(Beginning of Data provided)
(** The levels F_m of the binary tree (its nodes of height m, coded in ω) are
    finite and pairwise disjoint, and every x ⊆ ω runs through them along the
    branch m ↦ x|m.  For a free ultrafilter v the v-limits of the c branches are
    pairwise distinct, and since the q_a are selective and pairwise incomparable,
    two of them can be g(q_a) and g'(q_b) only if a = b.  Regularity of c gives
    families G_a of fewer than c functions such that every set of fewer than c
    functions lies in one G_a; so some branch limit along v is no g(q_a) with
    g ∈ G_a.  X is βω minus one such point for every v.

    A sequence in ω^J, |J| < c, has its coordinates in one G_a, so its q_a-limit
    lies in X^J.  Each F_m is an isolated point of CL(X), so sending F_m to m + 1
    and every other closed set to 0 is continuous unless some closed B is a limit
    of levels of unbounded height.  These heights would then converge along a
    free ultrafilter v, and B would either contain the removed v-limit of a
    branch or avoid a neighbourhood of that branch, which every F_m meets. *)

From HB Require Import structures.
From mathcomp Require Import all_boot all_order all_algebra.
From mathcomp Require Import all_classical all_reals all_analysis.
From mathcomp Require Import Rstruct Rstruct_topology.
From mathcomp Require wochoice.

Set Implicit Arguments.
Unset Strict Implicit.
Unset Printing Implicit Defensive.

Import Order.TTheory Num.Theory.
Local Open Scope classical_set_scope.

(** * Ultrafilters on ω *)

Lemma setVsetC_ultra (T : Type) (F : set_system T) :
  ProperFilter F -> (forall A, F A \/ F (~` A)) -> UltraFilter F.
Proof.
move=> PF FAC; split => // G PG FG; apply/seteqP; split => // A GA.
case: (FAC A) => // /FG GAC.
by have /filter_ex [x [Ax /(_ Ax)]] : G (A `&` ~` A) by exact: filterI.
Qed.

Lemma ultra_setU (T : Type) (F : set_system T) (A B : set T) :
  UltraFilter F -> F (A `|` B) -> F A \/ F B.
Proof.
move=> UF FAB; case: (in_ultra_setVsetC A UF) => [|FAC]; first by left.
case: (in_ultra_setVsetC B UF) => [|FBC]; first by right.
have [x [ABx [nAx nBx]]] := filter_ex (filterI FAB (filterI FAC FBC)).
by case: ABx => [/nAx|/nBx].
Qed.

Lemma ultra_set1_principal (T : Type) (p : set_system T) (k : T) :
  UltraFilter p -> p [set k] -> p = principal_filter k.
Proof.
move=> Up pk; apply: esym; apply: (@max_filter _ p Up).
  exact: principal_filter_proper.
move=> A pA; apply/principal_filterP.
by have /filter_ex [y [Ay <-]] : p (A `&` [set k]) by exact: filterI.
Qed.

Lemma image_filterE (f : nat -> nat) (F : set_system nat) :
  Filter F -> image_filter f F = fmap f F.
Proof.
move=> FF; apply/seteqP; split => B.
  by move=> [A FA fAB]; rewrite fmapE; apply: filterS FA => x Ax; apply: fAB; exists x.
by move=> Ff; exists (f @^-1` B) => //; exact: image_preimage_subset.
Qed.

Lemma fmap_ultra (T U : Type) (f : T -> U) (F : set_system T) :
  UltraFilter F -> UltraFilter (fmap f F).
Proof.
move=> UF; apply: setVsetC_ultra => A.
exact: (in_ultra_setVsetC (f @^-1` A) UF).
Qed.

Lemma eq_fmap_near (T U : Type) (f g : T -> U) (F : set_system T) :
  Filter F -> F [set x | f x = g x] -> fmap f F = fmap g F.
Proof.
move=> FF Ffg; apply/seteqP; split => B; rewrite !fmapE => FB;
  by apply: filterS (filterI FB Ffg) => x /= [+ fgx]; rewrite fgx.
Qed.

Lemma free_ultra_finite (v : set_system nat) (A : set nat) :
  free_ultrafilter v -> finite_set A -> ~ v A.
Proof.
move=> [Uv v0] /finite_seqP [s ->]; elim: s => [|k s IH] /=.
  by move/filter_ex => [].
have -> : [set` k :: s] = [set k] `|` [set` s].
  apply/seteqP; split => x /=; rewrite inE.
    by case/orP => [/eqP ->|]; [left|right].
  by case=> [->|sx]; rewrite ?eqxx ?sx ?orbT.
case/(ultra_setU Uv) => // vk.
have : (\bigcap_(B in v) B) k by move=> B vB; have [y [By <-]] := filter_ex (filterI vB vk).
by rewrite v0.
Qed.

Lemma free_ultra_cofinite (v : set_system nat) (A : set nat) :
  free_ultrafilter v -> finite_set (~` A) -> v A.
Proof.
move=> fv /(free_ultra_finite fv) vAC.
by case: (in_ultra_setVsetC A fv.1).
Qed.

Lemma free_ultra_ge (v : set_system nat) (k : nat) :
  free_ultrafilter v -> v [set n | (k <= n)%N].
Proof.
move=> fv; apply: free_ultra_cofinite => //; apply: sub_finite_set (finite_II k).
by move=> n /negP; rewrite -ltnNge.
Qed.

Lemma free_ultra_subsingleton (v : set_system nat) (A : set nat) :
  free_ultrafilter v -> (forall x y, A x -> A y -> x = y) -> ~ v A.
Proof.
move=> fv A1 vA; have Uv := fv.1; have [x Ax] := filter_ex vA.
apply: (free_ultra_finite fv) vA.
by apply: sub_finite_set (finite_set1 x) => y Ay; exact: A1.
Qed.

Lemma selective_const_or_inj (q : set_system nat) (g : nat -> nat) :
  selective q ->
  (exists y, q (g @^-1` [set y])) \/
  (exists2 B, q B & forall x y, B x -> B y -> g x = g y -> x = y).
Proof.
move=> [_ qsel]; have [|gNconst] := pselect (exists y, q (g @^-1` [set y])).
  by left.
right; pose P := [set g @^-1` [set y] | y in range g].
have [||||B qB Bsel] := qsel P.
- by move=> _ [_ [x _ <-] <-]; exists x.
- move=> _ _ [y _ <-] [z _ <-] yz; apply/seteqP; split => // x [/= gxy gxz].
  by case: yz; rewrite -gxy -gxz.
- by apply/seteqP; split => // x _; exists (g @^-1` [set g x]) => //; exists (g x).
- by move=> _ [y _ <-] qy; apply: gNconst; exists y.
exists B => // x y Bx By gxy; apply: (Bsel (g @^-1` [set g x])) => //.
by exists (g x) => //; exists x.
Qed.

Lemma ultra_coinfinite (q : set_system nat) :
  UltraFilter q -> exists2 P, q P & infinite_set (~` P).
Proof.
have range_inf (f : nat -> nat) : injective f -> infinite_set (range f).
  move=> finj; apply/infiniteP/pcard_leP/injfunPex; exists f => //.
  by move=> x y _ _; exact: finj.
have evens_inf : infinite_set [set n | ~~ odd n].
  apply: sub_infinite_set (range_inf _ double_inj) => _ [n _ <-].
  by rewrite /= odd_double.
have odds_inf : infinite_set (~` [set n | ~~ odd n]).
  have sdouble_inj : injective (fun n => n.*2.+1) by move=> m n [/double_inj].
  apply: sub_infinite_set (range_inf _ sdouble_inj) => _ [n _ <-].
  by rewrite /= odd_double.
move=> Uq; case: (in_ultra_setVsetC [set n | ~~ odd n] Uq) => qP.
  by exists [set n | ~~ odd n].
by exists (~` [set n | ~~ odd n]); rewrite ?setCK.
Qed.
(End of Data provided)
§ **Task**
Transcribe each line of the data above, unaltered, from the one where "by move=> n /negP; rewrite -ltnNge." appears to the one where "have evens_inf : infinite_set" appears, inclusive of both.

§ **Exercise result**
by move=> n /negP; rewrite -ltnNge.
Qed.

Lemma free_ultra_subsingleton (v : set_system nat) (A : set nat) :
  free_ultrafilter v -> (forall x y, A x -> A y -> x = y) -> ~ v A.
Proof.
move=> fv A1 vA; have Uv := fv.1; have [x Ax] := filter_ex vA.
apply: (free_ultra_finite fv) vA.
by apply: sub_finite_set (finite_set1 x) => y Ay; exact: A1.
Qed.

Lemma selective_const_or_inj (q : set_system nat) (g : nat -> nat) :
  selective q ->
  (exists y, q (g @^-1` [set y])) \/
  (exists2 B, q B & forall x y, B x -> B y -> g x = g y -> x = y).
Proof.
move=> [_ qsel]; have [|gNconst] := pselect (exists y, q (g @^-1` [set y])).
  by left.
right; pose P := [set g @^-1` [set y] | y in range g].
have [||||B qB Bsel] := qsel P.
- by move=> _ [_ [x _ <-] <-]; exists x.
- move=> _ _ [y _ <-] [z _ <-] yz; apply/seteqP; split => // x [/= gxy gxz].
  by case: yz; rewrite -gxy -gxz.
- by apply/seteqP; split => // x _; exists (g @^-1` [set g x]) => //; exists (g x).
- by move=> _ [y _ <-] qy; apply: gNconst; exists y.
exists B => // x y Bx By gxy; apply: (Bsel (g @^-1` [set g x])) => //.
by exists (g x) => //; exists x.
Qed.

Lemma ultra_coinfinite (q : set_system nat) :
  UltraFilter q -> exists2 P, q P & infinite_set (~` P).
Proof.
have range_inf (f : nat -> nat) : injective f -> infinite_set (range f).
  move=> finj; apply/infiniteP/pcard_leP/injfunPex; exists f => //.
  by move=> x y _ _; exact: finj.
have evens_inf : infinite_set [set n | ~~ odd n].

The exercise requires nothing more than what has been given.